What is aseptic manufacturing?

Aseptic manufacturing covers processes, activities, and procedures undertaken in a sterile environment. The sterile manufacturing environment (aseptic environment) is maintained through specialized equipment that prevents microbial material from technicians, raw materials, or machinery from contaminating medical devices or products.

The terms aseptic and sterile are not synonymous, even though product labels utilize sterile and aseptic interchangeably. While both sterile and aseptic manufacturing will prevent microbial contamination following product use, the processes by which microbial contamination is prevented are different. Sterile is a broader term and encompasses microbial contamination prevention through a complete absence of viable microorganisms or the death of microbes that have the potential to reproduce. In contrast, aseptic manufacturing only prevents microbial contamination by ensuring the absence of microbes during processing, not by killing viable microbes.

Thus, sterile products are often manufactured in non-aseptic environments and then chemically or heat sterilized after being filled or placed into their final packaging. The chemical or heat sterilization process ensures that any microorganisms inside the products (obtained during manufacturing and packaging) are no longer viable. In contrast, aseptic manufacturing prevents contamination by the exclusion of microorganisms. For microorganisms to be excluded, an aseptic healthcare product’s manufacturing and packaging processes happen with sterilized materials in a controlled environment designed to prevent microbial contamination of the product.

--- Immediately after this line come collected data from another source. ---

(* If $\nu>-1$, then the function $x\mapsto -\mathcal{J}_\nu'(x)$ is strictly log-concave on $(0,j_{\nu+1,1})$.
   Context: For $\nu>-1$ define $\mathcal{J}_\nu:\mathbb{R}\to(-\infty,1]$ by $\mathcal{J}_\nu(x)=\sum_{n\ge0}\frac{(-1/4)^n}{(\nu+1)_n\, n!}x^{2n}$, equivalently $\mathcal{J}_\nu(x)=2^\nu\Gamma(\nu+1)x^{-\nu}J_\nu(x)$ for $x>0$, where $J_\nu$ is the Bessel function of the first kind and $(a)_n$ is the Pochhammer symbol. $j_{\mu,1}$ denotes the first positive zero of $J_\mu$. Note that $-\mathcal{J}_\nu'(x)>0$ on $(0,j_{\nu+1,1})$. *)

From Stdlib Require Import Reals Lra ClassicalEpsilon Arith Factorial.
Open Scope R_scope.

Fixpoint poch (a : R) (n : nat) : R :=
  match n with
  | O => 1
  | S k => poch a k * (a + INR k)
  end.

Definition Jcal_term (nu x : R) (n : nat) : R :=
  (-1/4) ^ n / (poch (nu + 1) n * INR (fact n)) * x ^ (2 * n).

(* Normalized Bessel function: the sum of the (everywhere convergent, for
   nu > -1) series  sum_{n>=0} (-1/4)^n / ((nu+1)_n n!) x^(2n).
   Chosen by Hilbert's epsilon among the limits of the partial sums
   (the limit is unique when it exists). *)
Definition Jcal (nu x : R) : R :=
  epsilon (inhabits 0) (fun l => infinite_sum (Jcal_term nu x) l).

(* j is the first positive zero of J_mu.  For x > 0,
   J_mu(x) = (x/2)^mu / Gamma(mu+1) * Jcal mu x with a positive factor,
   so the positive zeros of J_mu are exactly those of Jcal mu. *)
Definition first_pos_zero (mu j : R) : Prop :=
  0 < j /\ Jcal mu j = 0 /\ (forall x, 0 < x < j -> Jcal mu x <> 0).

Definition strictly_log_concave_on (g : R -> R) (a b : R) : Prop :=
  (forall x, a < x < b -> 0 < g x) /\
  (forall x y t, a < x < b -> a < y < b -> x <> y -> 0 < t < 1 ->
     t * ln (g x) + (1 - t) * ln (g y) < ln (g (t * x + (1 - t) * y))).

From Stdlib Require Import Reals Lra Psatz Arith Factorial ClassicalEpsilon FunctionalExtensionality.
From Coquelicot Require Import Coquelicot.
Open Scope R_scope.

(* Write Jcal nu x = Phi nu (x^2), where Phi a y = sum_n (-1/4)^n/((a+1)_n n!) y^n
   is an entire power series.  Termwise differentiation gives
   Phi a' = -Phi (a+1) / (4(a+1)), and a shift of the coefficients gives the
   contiguous relation y Phi (a+2) = 4(a+1)(a+2)(Phi (a+1) - Phi a).  Hence, with
   a = nu+1, F = Phi a and G = Phi (a+1):
     -Jcal_nu'(x) = x F(x^2) / (2a),   F' = -G/(4(a+1)),   y G' = (a+1)(F - G).
   The core of the file is an abstract section deriving from this system alone that
   x |-> x F(x^2) is strictly log-concave on (0,j) whenever F(x^2) has no zero there:
   the logarithmic derivative is 1/x - k(x) with k(x) = x G(x^2)/(2(a+1)F(x^2)), and
   k' = K(x^2)/F(x^2)^2 for a quadratic form K in (F,G) which is positive because
   y^(a+1) K(y) is increasing and K(0) > 0.  A strictly decreasing derivative then
   gives strict concavity of the logarithm. *)

Lemma strict_concave_of_decreasing_derivative (f f' : R -> R) (l r : R) :
  (forall x, l < x < r -> derivable_pt_lim f x (f' x)) ->
  (forall x y, l < x -> x < y -> y < r -> f' y < f' x) ->
  forall x y t, l < x < r -> l < y < r -> x <> y -> 0 < t < 1 ->
    t * f x + (1 - t) * f y < f (t * x + (1 - t) * y).
Proof.
  intros Hd Hdec.
  assert (Hlt : forall x y t, l < x -> x < y -> y < r -> 0 < t < 1 ->
            t * f x + (1 - t) * f y < f (t * x + (1 - t) * y)).
  { intros x y t Hx Hxy Hy Ht. set (z := t * x + (1 - t) * y).
    assert (Hz : x < z < y) by (unfold z; nra).
    destruct (MVT_cor2 f f' x z) as [c1 [E1 Hc1]]; [lra | intros c Hc; apply Hd; lra |].
    destruct (MVT_cor2 f f' z y) as [c2 [E2 Hc2]]; [lra | intros c Hc; apply Hd; lra |].
    assert (Hc12 : f' c2 < f' c1) by (apply Hdec; lra).
    assert (E : t * f x + (1 - t) * f y - f z = t * (1 - t) * (y - x) * (f' c2 - f' c1)).
    { replace (t * f x + (1 - t) * f y - f z) with
        (- t * (f z - f x) + (1 - t) * (f y - f z)) by ring.
      rewrite E1, E2. unfold z; ring. }
    assert (0 < t * (1 - t) * (y - x)) by (apply Rmult_lt_0_compat; nra).
    nra. }
  intros x y t Hx Hy Hxy Ht. destruct (Rlt_or_le x y).
  - apply Hlt; lra.
  - pose proof (Hlt y x (1 - t) ltac:(lra) ltac:(lra) ltac:(lra) ltac:(lra)).
    replace (t * x + (1 - t) * y) with ((1 - t) * y + (1 - (1 - t)) * x) by ring.
    lra.
Qed.

Lemma continuity_pt_pos_near (f : R -> R) (x0 : R) :
  continuity_pt f x0 -> 0 < f x0 ->
  exists d, 0 < d /\ forall y, Rabs (y - x0) < d -> 0 < f y.
Proof.
  intros Hc Hpos.
  destruct (Hc (f x0 / 2)) as [d [Hd Hnear]]; [lra |].
  exists d. split; [exact Hd |]. intros y Hy.
  destruct (Req_dec y x0) as [-> | Hne]; [exact Hpos |].
  assert (Hfy : Rabs (f y - f x0) < f x0 / 2).
  { apply Hnear. split; [split; [constructor | auto] | exact Hy]. }
  apply Rabs_def2 in Hfy. lra.
Qed.

Lemma poch_pos (b : R) (n : nat) : 0 < b -> 0 < poch b n.
Proof.
  intros Hb; induction n as [|n IH]; simpl; [lra |].
  apply Rmult_lt_0_compat; auto. pose proof (pos_INR n); lra.
Qed.

Lemma poch_S (b : R) (n : nat) : poch b (S n) = b * poch (b + 1) n.
Proof.
  induction n as [|n IH]; [simpl; ring |].
  change (poch b (S (S n))) with (poch b (S n) * (b + INR (S n))).
  rewrite IH. simpl poch. rewrite S_INR. ring.
Qed.

Definition bessel_coef (a : R) (n : nat) : R :=
  (-1/4) ^ n / (poch (a + 1) n * INR (fact n)).

Definition Phi (a y : R) : R := PSeries (bessel_coef a) y.

Lemma bessel_coef_neq0 (a : R) (n : nat) : -1 < a -> bessel_coef a n <> 0.
Proof.
  intros Ha. unfold bessel_coef. apply Rmult_integral_contrapositive_currified.
  - apply pow_nonzero; lra.
  - apply Rinv_neq_0_compat, Rgt_not_eq, Rmult_lt_0_compat.
    + apply poch_pos; lra.
    + apply INR_fact_lt_0.
Qed.

Lemma bessel_coef_ratio (a : R) (n : nat) : -1 < a ->
  bessel_coef a (S n) / bessel_coef a n = (-1/4) / ((a + 1 + INR n) * INR (S n)).
Proof.
  intros Ha. unfold bessel_coef. simpl poch. rewrite fact_simpl, mult_INR, S_INR.
  pose proof (poch_pos (a + 1) n ltac:(lra)). pose proof (INR_fact_lt_0 n).
  pose proof (pos_INR n).
  simpl pow. field. repeat split; try lra; apply pow_nonzero; lra.
Qed.

Lemma bessel_coef_radius (a : R) : -1 < a -> CV_radius (bessel_coef a) = p_infty.
Proof.
  intros Ha. apply CV_radius_infinite_DAlembert.
  - intros n; apply bessel_coef_neq0; auto.
  - apply is_lim_seq_le_le with (u := fun _ => 0)
      (w := fun n => / (4 * (a + 1)) * / INR (S n)).
    + intros n. rewrite bessel_coef_ratio by auto.
      pose proof (pos_INR n). rewrite S_INR.
      rewrite Rabs_div by (apply Rgt_not_eq; nra).
      rewrite Rabs_left by lra. rewrite Rabs_pos_eq by nra.
      split; [apply Rlt_le, Rdiv_lt_0_compat; nra |].
      replace (- (-1/4) / ((a + 1 + INR n) * (INR n + 1))) with
        (/ (4 * (a + 1 + INR n) * (INR n + 1))) by (field; lra).
      rewrite <- Rinv_mult. apply Rinv_le_contravar; nra.
    + apply is_lim_seq_const.
    + replace (Finite 0) with (Rbar_mult (/ (4 * (a + 1))) 0) by (simpl; f_equal; ring).
      apply is_lim_seq_scal_l.
      replace (Finite 0) with (Rbar_inv p_infty) by reflexivity.
      apply is_lim_seq_inv; [| discriminate].
      apply (is_lim_seq_incr_1 INR), is_lim_seq_INR.
Qed.

Lemma bessel_coef_inside (a y : R) : -1 < a -> Rbar_lt (Rabs y) (CV_radius (bessel_coef a)).
Proof. intros Ha; rewrite bessel_coef_radius; simpl; auto. Qed.

Lemma Phi_0 (a : R) : Phi a 0 = 1.
Proof. unfold Phi. rewrite PSeries_0. unfold bessel_coef. simpl. field. Qed.

Lemma PS_derive_bessel_coef (a : R) (n : nat) : -1 < a ->
  PS_derive (bessel_coef a) n = - bessel_coef (a + 1) n / (4 * (a + 1)).
Proof.
  intros Ha. unfold PS_derive, bessel_coef. rewrite poch_S, fact_simpl, mult_INR, S_INR.
  pose proof (poch_pos (a + 1 + 1) n ltac:(lra)). pose proof (INR_fact_lt_0 n).
  pose proof (pos_INR n).
  simpl pow. field. repeat split; try lra; apply pow_nonzero; lra.
Qed.

Lemma Phi_derive (a y : R) : -1 < a ->
  derivable_pt_lim (Phi a) y (- Phi (a + 1) y / (4 * (a + 1))).
Proof.
  intros Ha. apply is_derive_Reals. unfold Phi.
  replace (- PSeries (bessel_coef (a + 1)) y / (4 * (a + 1)))
    with (PSeries (PS_derive (bessel_coef a)) y).
  { apply is_derive_PSeries, bessel_coef_inside; auto. }
  rewrite (PSeries_ext _ (PS_scal (- / (4 * (a + 1))) (bessel_coef (a + 1)))).
  - rewrite PSeries_scal. field. lra.
  - intros n. rewrite PS_derive_bessel_coef by auto.
    unfold PS_scal, scal; simpl; unfold mult; simpl. field. lra.
Qed.

Lemma Phi_contiguous (a y : R) : -1 < a ->
  y * Phi (a + 2) y = 4 * (a + 1) * (a + 2) * (Phi (a + 1) y - Phi a y).
Proof.
  intros Ha. unfold Phi. rewrite <- PSeries_incr_1.
  rewrite <- PSeries_minus by (apply CV_radius_inside, bessel_coef_inside; lra).
  rewrite <- PSeries_scal. apply PSeries_ext. intros [|n];
    unfold PS_incr_1, PS_scal, PS_minus, bessel_coef, scal, plus, opp, mult; simpl;
    unfold mult, plus, opp; simpl.
  - unfold zero; simpl. field.
  - assert (E1 : poch (a + 1 + 1) n * (a + 1 + 1 + INR n) = (a + 2) * poch (a + 2 + 1) n).
    { change (poch (a + 1 + 1) n * (a + 1 + 1 + INR n)) with (poch (a + 1 + 1) (S n)).
      rewrite poch_S. replace (a + 1 + 1) with (a + 2) by ring. reflexivity. }
    assert (E2 : poch (a + 1) n * (a + 1 + INR n)
                 = (a + 1) * ((a + 2) * poch (a + 2 + 1) n / (a + 2 + INR n))).
    { change (poch (a + 1) n * (a + 1 + INR n)) with (poch (a + 1) (S n)).
      rewrite poch_S, <- E1. replace (a + 1 + 1) with (a + 2) by ring. field.
      pose proof (pos_INR n); lra. }
    assert (E3 : INR (fact n + n * fact n) = (INR n + 1) * INR (fact n)).
    { rewrite plus_INR, mult_INR. ring. }
    rewrite E1, E2, E3.
    pose proof (poch_pos (a + 2 + 1) n ltac:(lra)). pose proof (INR_fact_lt_0 n).
    pose proof (pos_INR n).
    field. repeat split; try lra; apply pow_nonzero; lra.
Qed.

What are examples of products manufactured in aseptic environments?

  • Pharmaceutical sterile products
  • Bulk sterile drug substances
  • Sterile intermediates
  • Excipients
  • Medical devices
  • Biologics

What are fill-finish manufacturing processes?

Fill and finish operations enable a product to be filled and sealed into end-use containers with appropriate sterility and precision. Fill and finish operations are essential for filled vials, syringes, cartridges, and other medical-grade products so that the correct quantity of sterile and contaminant-free products are added and sealed consistently.

Why are aseptic fill-finish manufacturing processes important?

Aseptic filling and finishing processes are used for packaging drugs and other essential healthcare products. For drugs and other products to work safely and effectively, accurate amounts of the product must be added to containers and filled such that no contamination occurs. Otherwise, lifesaving treatments can cause further illness and disease.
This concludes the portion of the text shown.